Não há evidência alguma que Snowden tenha colaborado com outros serviços de espionagem. Ele próprio refutou tais acusações, em entrevista publicada nesta terça-feira pela revista New Yorker, dizendo que desde 2007 mantinha sempre uma mala arrumada, pronto para viajar. "Essa não é uma prática exótica entre gente que viveu como agente secreto a mando do governo", argumentou.
Críticas são "tentativa de desviar atenção"
Snowden também destacou que o próprio governo dos EUA foi responsável por sua permanência prolongada em solo russo. "Eu estava apenas em trânsito pela Rússia", disse ele à New Yorker. "Eu deveria seguir viagem por Havana. Vários repórteres documentaram o assento em que era para eu estar. Mas o Departamento de Estado decidiu que me queria em Moscou e cancelou o meu passaporte."
Para os defensores de Snowden, os comentários dos políticos são uma desastrada tentativa de desviar a atenção. "O discurso anti-Snowden não é mais do que um reflexo do apego perverso ao sigilo e à ocultação de fatos, que domina as agências de inteligência e mina os princípios fundamentais de transparência e responsabilidade", afirmou Carly Nyst, diretor na ONG britânica Privacy International, em entrevista por e-mail à DW.
"Considerando o alvoroço público sobre os programas de vigilância em massa revelados por Snowden, discussões como essas são evidentes tentativas das autoridades de desviar a atenção de si mesmas e de suas operações ilegais de espionagem", acrescentou o ativista.
"Acusações muito sérias"
Snowden reclama da mídia que, segundo ele, está reproduzindo acusações sem investigar antes. "Eles publicam declarações cujos próprios autores admitem ser pura especulação. E são acusações muito sérias, percebe?"
Jeff Chester, diretor-executivo da ONG Center for Digital Democracy, baseada em Washington, acredita que Snowden está sendo um pouco ingênuo. "Ele está esperando muito do jornalismo norte-americano, especialmente da televisão, que tem estado enfraquecida em sua capacidade de tomar posições fortes contra o governo ou contra figuras corporativas poderosas", disse à DW.

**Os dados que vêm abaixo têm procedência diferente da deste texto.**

(* The matrix C of the congruence classes mod m (m >= 1), indexed by
   'I_(m.-1.+1) (= 'I_m since m >= 1); index i stands for the residue i.
   C i j = P(S_{n+1} = j mod m | S_n = i mod m). *)
Definition modm_C {R : realType} (m : nat) (p : int -> R) : 'M[R]_(m.-1.+1) :=
  \matrix_(i, j) ((if ((i.+1 %% m)%N == j) then p (Posz i) else 0) +
                  (if (((i + m).-1 %% m)%N == j) then 1 - p (Posz i) else 0)).

(* gamma_{im}: the (i,i) cofactor of I - C (equal to 1 when m = 1). *)
Definition modm_gamma {R : realType} (m : nat) (p : int -> R) (i : 'I_(m.-1.+1)) : R :=
  cofactor (1%:M - modm_C m p) i i.

Definition modm_drift {R : realType} (m : nat) (p : int -> R) : R :=
  (\sum_(i < m.-1.+1) modm_gamma m p i * (p (Posz i) - (1 - p (Posz i)))) /
  (\sum_(i < m.-1.+1) modm_gamma m p i).

From HB Require Import structures.
From mathcomp Require Import all_boot all_order all_algebra.
From mathcomp Require Import all_classical all_reals all_analysis.
From mathcomp Require Import ring lra.
Import Order.TTheory GRing.Theory Num.Theory.
Import numFieldNormedType.Exports.
Local Open Scope classical_set_scope.
Local Open Scope ring_scope.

Chester considera que Snowden deveria estar feliz com o que já conseguiu. "Ele recebeu destaque nos dois principais diários norte-americanos, o New York Times e o Washington Post. Na realidade, o apoio a Snowden da mídia tem sido único, com equipes de repórteres escrevendo sobre os documentos e as questões que ele desenterrou". Mas ele condena a campanha contra o ex-consultor da NSA. "A prática da caça política às bruxas ainda floresce, mesmo na era Obama."